A new transistor was soldered to the leads. This time, Silicone Compound (a.k.a. goo) was applied to the transistor leads. A short length of heat shrink was added, extending past the point where the original heat shrink was cut off. More goo was added to both ends of this new tubing and it was shrunk around it. Then, a cap from a Sharpie was placed on the end, again with more goo, and heat shrink applied over it to hold it in place. The sensor seems much happier now. Time will tell how long this one lasts…
Things to do differently next time:
1) Conformal coat the entire sensor stick before heat shrinking.
2) Use heat shrink end caps
Update: April 9, 2013
The temperature of the pile has increased at a fairly rapid rate after turning. Once reaching 150F, it leveled off and started to self-regulate.
Update: April 15, 2013
Over the weekend, the top sensor (“0ft”) started having issues similar to the problems described above. The temperature was all over the place, high and low. I suspect water penetration again, causing leakage currents between the transistor leads. A new sensor design is in progress which will hopefully address the water issue once and for all. Stay tuned…
Update: April 28, 2013
After some experimentation over the last couple weeks, I built a new sensor probe today. This one is hopefully more watertight. The sense devices were changed from TO-92 2N3904 transistors to SOT-23 MMBT3904. Assembly was actually quite easy. First, strip the wires about 1/8″. Then, apply a thin bead of solder paste to each lead. Set the transistor on the paste so the collector and base connect to one wire and the emitter to the other (the solder paste holds the transistor in place). Touch a soldering iron to the wire to reflow the paste and it’s done. Scrub with some flux remover to clean up things.

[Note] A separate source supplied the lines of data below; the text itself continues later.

(* Let $m\ge 2$ be even and let $\{1,\dots,m\}=J_1\cup J_2$ be a partition with $|J_1|=|J_2|=m/2$. Consider the two-stage robust lot-sizing problem $$\min_{\mathbf x}\ \sum_{i=1}^m c_ix_i+\max_{\mathbf h\in\mathcal U}\ \min_{\mathbf y(\mathbf h)\ge\mathbf 0}\ \sum_{i=1}^m\sum_{j=1}^m d_{ij}y_{ij}(\mathbf h)$$ subject to $x_i+\sum_{j=1}^m y_{ji}(\mathbf h)-\sum_{j=1}^m y_{ij}(\mathbf h)\ge h_i$ for all $i\in[m]$ and all $\mathbf h\in\mathcal U$, and $0\le x_i\le K_i$ for all $i\in[m]$, with data $c_i=0$ for $i\in J_1$, $c_i=1$ for $i\in J_2$, $K_i=1$ for all $i$, $d_{ij}=0$ if $i\in J_1,j\in J_2$ and $d_{ij}=+\infty$ otherwise (so any policy sending positive flow $y_{ij}$ on a pair with $d_{ij}=+\infty$ has infinite cost), and $$\mathcal U=\Big\{\mathbf h\in[0,1]^m \;\Big|\; \sum_{i=1}^m h_i\le m/2\Big\}.$$ Let $z_{\sf AR}(\mathcal U)$ be the optimal value of this problem when $\mathbf y(\mathbf h)\in\mathbb R^{m^2}_+$ may depend arbitrarily on $\mathbf h$, and $z_{\sf Aff}(\mathcal U)$ its optimal value when $\mathbf y(\mathbf h)$ is restricted to be affine in $\mathbf h$, i.e., $\mathbf y(\mathbf h)=\mathbf P\mathbf h+\mathbf q$ with $\mathbf P\in\mathbb R^{m^2\times m}$, $\mathbf q\in\mathbb R^{m^2}$ and $\mathbf P\mathbf h+\mathbf q\ge\mathbf 0$ for all $\mathbf h\in\mathcal U$. Then $z_{\sf AR}(\mathcal U)=0$ and $z_{\sf Aff}(\mathcal U)=m/2-1$. In particular, the ratio between the optimal affine and optimal adjustable values is unbounded. *)

From HB Require Import structures.
From mathcomp Require Import all_boot all_order all_algebra.
From mathcomp Require Import all_classical all_reals.
From mathcomp Require Import ereal.
Set Implicit Arguments. Unset Strict Implicit. Unset Printing Implicit Defensive.
Import Order.TTheory GRing.Theory Num.Theory.
Local Open Scope classical_set_scope.
Local Open Scope ring_scope.

Section Robust.
Variables (R : realType) (m : nat).

(* second-stage cost; d i j in \bar R (0 or +oo here); with MathComp's
   extended multiplication +oo * 0 = 0 and +oo * y = +oo for y > 0, so any
   positive flow on an infinite-cost pair gives infinite cost *)
Definition rcost (d : 'I_m -> 'I_m -> \bar R) (y : 'I_m -> 'I_m -> R) : \bar R :=
  (\sum_(i < m) \sum_(j < m) (d i j * (y i j)%:E))%E.

Definition ynonneg (y : 'I_m -> 'I_m -> R) : Prop := forall i j, 0 <= y i j.

Definition flow_ok (x : 'I_m -> R) (y : 'I_m -> 'I_m -> R) (h : 'I_m -> R) : Prop :=
  forall i, h i <= x i + \sum_(j < m) y j i - \sum_(j < m) y i j.

Definition first_ok (K x : 'I_m -> R) : Prop := forall i, 0 <= x i <= K i.

Definition lin_cost (c x : 'I_m -> R) : R := \sum_(i < m) c i * x i.

Definition z_AR (c K : 'I_m -> R) (d : 'I_m -> 'I_m -> \bar R)
  (U : set ('I_m -> R)) : \bar R :=
  ereal_inf [set ((lin_cost c x)%:E +
     ereal_sup [set ereal_inf [set rcost d y | y in [set y | ynonneg y /\ flow_ok x y h]]
               | h in U])%E
   | x in [set x | first_ok K x]].

Definition aff (P : 'I_m -> 'I_m -> 'I_m -> R) (q : 'I_m -> 'I_m -> R)
  (h : 'I_m -> R) : 'I_m -> 'I_m -> R :=
  fun i j => \sum_(k < m) P i j k * h k + q i j.

Definition z_Aff (c K : 'I_m -> R) (d : 'I_m -> 'I_m -> \bar R)
  (U : set ('I_m -> R)) : \bar R :=
  ereal_inf [set ((lin_cost c xPq.1.1)%:E +
                  ereal_sup [set rcost d (aff xPq.1.2 xPq.2 h) | h in U])%E
   | xPq in [set xPq : ('I_m -> R) * ('I_m -> 'I_m -> 'I_m -> R) * ('I_m -> 'I_m -> R) |
       first_ok K xPq.1.1 /\
       forall h, U h -> ynonneg (aff xPq.1.2 xPq.2 h) /\
                        flow_ok xPq.1.1 (aff xPq.1.2 xPq.2 h) h]].

Definition lot_c (J2 : {set 'I_m}) : 'I_m -> R := fun i => if i \in J2 then 1 else 0.
Definition lot_K : 'I_m -> R := fun _ => 1.
Definition lot_d (J1 J2 : {set 'I_m}) : 'I_m -> 'I_m -> \bar R :=
  fun i j => if (i \in J1) && (j \in J2) then 0%E else +oo%E.
Definition lot_U : set ('I_m -> R) :=
  [set h | (forall i, 0 <= h i <= 1) /\ \sum_(i < m) h i <= m%:R / 2].

End Robust.

(* Fully adjustable: produce at capacity in J1 and ship the spare capacity
   1 - h_i of J1 to J2 in proportion to the demands h_j; this is free.
   Affine: a policy with finite worst-case cost only ships from J1 to J2.
   Testing it on 0-1 scenarios with at most m/2 ones (which saturate the
   suppliers i with h_i = 1) forces y_ij(h) = P_iji h_i + q_ij for i in J1,
   with sum_j q_ij <= 1 and x_j + q_ij >= 1 for all i in J1, j in J2.
   Summing the latter over J1 x J2 yields sum_(J2) x_j >= m/2 - 1, which the
   policy y_ij(h) = (1 - h_i)/(m/2) attains. *)

From HB Require Import structures.
From mathcomp Require Import all_boot all_order all_algebra.
From mathcomp Require Import all_classical all_reals.
From mathcomp Require Import ereal.
From mathcomp Require Import ring lra.
Set Implicit Arguments.
Unset Strict Implicit.
Unset Printing Implicit Defensive.
Import Order.TTheory GRing.Theory Num.Theory.
Local Open Scope ring_scope.

Section ProportionalPlan.
Variables (R : realFieldType) (I : finType) (A B : {set I}) (s t : I -> R).
Hypotheses (s_ge0 : forall i, 0 <= s i) (t_ge0 : forall j, 0 <= t j).
Hypothesis demand_le_supply : \sum_(j in B) t j <= \sum_(i in A) s i.

Definition proportional_plan (i j : I) : R := s i * t j / \sum_(k in A) s k.

Lemma proportional_plan_ge0 i j : 0 <= proportional_plan i j.
Proof. by rewrite /proportional_plan !mulr_ge0 ?invr_ge0 ?sumr_ge0. Qed.

Lemma proportional_plan_out i : \sum_(j in B) proportional_plan i j <= s i.
Proof.
rewrite /proportional_plan -mulr_suml -mulr_sumr -mulrA.
have [->|S_neq0] := eqVneq (\sum_(k in A) s k) 0; first by rewrite invr0 !mulr0.
have S_gt0 : 0 < \sum_(k in A) s k by rewrite lt_def S_neq0 sumr_ge0.
by rewrite ler_piMr // ler_pdivrMr ?mul1r.
Qed.

Lemma proportional_plan_in j : j \in B -> t j <= \sum_(i in A) proportional_plan i j.
Proof.
move=> jB; rewrite /proportional_plan -mulr_suml -mulr_suml.
have [S0|S_neq0] := eqVneq (\sum_(k in A) s k) 0; last by rewrite mulrAC divff ?mul1r.
rewrite S0 invr0 mulr0 -S0; apply: le_trans demand_le_supply.
by rewrite (bigD1 j) //= lerDl sumr_ge0.
Qed.

End ProportionalPlan.

Section RecourseCost.
Variables (R : realType) (m : nat).
Implicit Types (d : 'I_m -> 'I_m -> \bar R) (y : 'I_m -> 'I_m -> R).

Definition supported_in (A B : {set 'I_m}) y :=
  forall i j, ~~ ((i \in A) && (j \in B)) -> y i j = 0.

Definition restrict (A B : {set 'I_m}) y i j : R :=
  if (i \in A) && (j \in B) then y i j else 0.

Lemma restrict_supported A B y : supported_in A B (restrict A B y).
Proof. by move=> i j /negbTE; rewrite /restrict => ->. Qed.

Lemma sum_out_supported A B y i : supported_in A B y ->
  \sum_j y i j = if i \in A then \sum_(j in B) y i j else 0.
Proof.
move=> y_supp; have [iA|iA] := boolP (i \in A); last first.
  by apply: big1 => j _; apply: y_supp; rewrite (negbTE iA).
rewrite [RHS]big_mkcond; apply: eq_bigr => j _.
by case: ifP => // jB; apply: y_supp; rewrite iA jB.
Qed.

Lemma sum_in_supported A B y j : supported_in A B y ->
  \sum_i y i j = if j \in B then \sum_(i in A) y i j else 0.
Proof.
move=> y_supp; have [jB|jB] := boolP (j \in B); last first.
  by apply: big1 => i _; apply: y_supp; rewrite (negbTE jB) andbF.
rewrite [RHS]big_mkcond; apply: eq_bigr => i _.
by case: ifP => // iA; apply: y_supp; rewrite iA jB.
Qed.

Lemma rcost_ge0 d y : (forall i j, 0 <= d i j)%E -> ynonneg y -> (0 <= rcost d y)%E.
Proof.
move=> d_ge0 y_ge0; apply: sume_ge0 => i _; apply: sume_ge0 => j _.
by rewrite mule_ge0 ?lee_fin.
Qed.

Lemma rcost_eq0 d y : (forall i j, d i j != 0%E -> y i j = 0) -> rcost d y = 0%E.
Proof.
move=> y0; apply: big1 => i _; apply: big1 => j _.
by have [->|/y0->] := eqVneq (d i j) 0%E; rewrite ?mul0e ?mule0.
Qed.

Lemma rcost_pinfty d y i j : (forall i j, 0 <= d i j)%E -> ynonneg y ->
  d i j = +oo%E -> 0 < y i j -> rcost d y = +oo%E.
Proof.
move=> d_ge0 y_ge0 dij y_gt0; apply/eqP; rewrite eq_le leey /= /rcost.
have term_ge0 k l : (0 <= d k l * (y k l)%:E)%E by rewrite mule_ge0 ?lee_fin.
rewrite (bigD1 i) //=; apply: le_trans (leeDl _ (sume_ge0 _ _)); last first.
  by move=> k _; apply: sume_ge0.
rewrite (bigD1 j) //=; apply: le_trans (leeDl _ (sume_ge0 _ _)) => //.
by rewrite dij mulyr gtr0_sg // mul1e.
Qed.

Lemma z_AR_ge0 c K d (U : set ('I_m -> R)) h :
  (forall i, 0 <= c i) -> (forall i j, 0 <= d i j)%E -> U h -> (0 <= z_AR c K d U)%E.
Proof.
move=> c_ge0 d_ge0 Uh; apply: le_ereal_inf_tmp => _ [x x_first <-].
rewrite adde_ge0 //.
  by rewrite lee_fin sumr_ge0 // => i _; rewrite mulr_ge0 //; case/andP: (x_first i).
apply: le_trans (ereal_sup_ubound _) => /=; last by exists h.
by apply: le_ereal_inf_tmp => _ [y [y_ge0 _] <-]; exact: rcost_ge0.
Qed.

End RecourseCost.

Definition indicator (R : pzRingType) {T : finType} (A : {set T}) (t : T) : R :=
  if t \in A then 1 else 0.

Lemma sum_indicator (R : pzRingType) (T : finType) (A : {set T}) :
  \sum_t indicator R A t = #|A|%:R.
Proof. by rewrite /indicator -big_mkcond /= sumr_const. Qed.

Lemma aff_indicator (R : realType) (m : nat) P q (A : {set 'I_m}) i j :
  aff P q (indicator R A) i j = \sum_(l in A) P i j l + q i j.
Proof.
rewrite /aff [in RHS]big_mkcond; congr (_ + _); apply: eq_bigr => l _.
by rewrite /indicator; case: (l \in A); rewrite ?mulr1 ?mulr0.
Qed.

Lemma aff0 (R : realType) (m : nat) P q (i j : 'I_m) :
  aff P q (fun=> 0 : R) i j = q i j.
Proof. by rewrite /aff big1 ?add0r // => k _; rewrite mulr0. Qed.

Section LotSizing.
Variables (R : realType) (m n : nat) (J1 J2 : {set 'I_m}).
Hypotheses (J12_disjoint : [disjoint J1 & J2]) (J12_cover : J1 :|: J2 = [set: 'I_m]).
Hypotheses (card_J1 : #|J1| = n) (card_J2 : #|J2| = n).

Local Notation U := (@lot_U R m).
Local Notation d := (lot_d R J1 J2).
Local Notation c := (lot_c R J2).
Local Notation K := (@lot_K R m).

Lemma in_J2 i : (i \in J2) = (i \notin J1).
Proof.
have /setP/(_ i) := J12_cover; rewrite !inE.
by have [/(disjointFr J12_disjoint)|] := boolP (i \in J1).
Qed.

Lemma sum_J1J2 F : \sum_i F i = \sum_(i in J1) F i + \sum_(i in J2) F i :> R.
Proof.
by rewrite (bigID (mem J1)) /=; congr (_ + _); apply: eq_bigl => i; rewrite in_J2.
Qed.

To improve the water resistance, each sensor was dipped in liquid electrical tape (I used GB brand, but any should work). Two dips were done to make sure all exposed connections were covered.
The sensors were then placed along the fiberglass rod. This time, 3/4″ marine 3:1 heat shrink tubing with an adhesive liner was placed around each sensor. The adhesive liner will hopefully provide additional water resistance.
An additional piece of adhesive lined heat shrink was placed to straddle the top of the highest sensor’s Agnes heat shrink and the CAT 5 outer sheath. Hopefully this helps provide additional sealing, though I am not sure if it is necessary. Dielectric grease was then squeezed into a ring at the top and bottom. 1/2″ 2:1 heat shrink (green in the photos) was then placed over then entire sensor, overlapping the rings of grease. The grease fills in any gaps, after shrinking the tubing, especially around the CAT 5 wire.
Finally, 2 more sections of adhesive heat shrink were added over the top and bottom to provide an additional seal.
Update: May 1, 2013
A plot of the new sensor data. Notice the dips in the morning when water was added to the pile.
Note: The high temperatures on April 28 were from the old (defective) sensor.
Update: May 10, 2013
After a good, deep watering, the internal temperature ramped up and leveled off.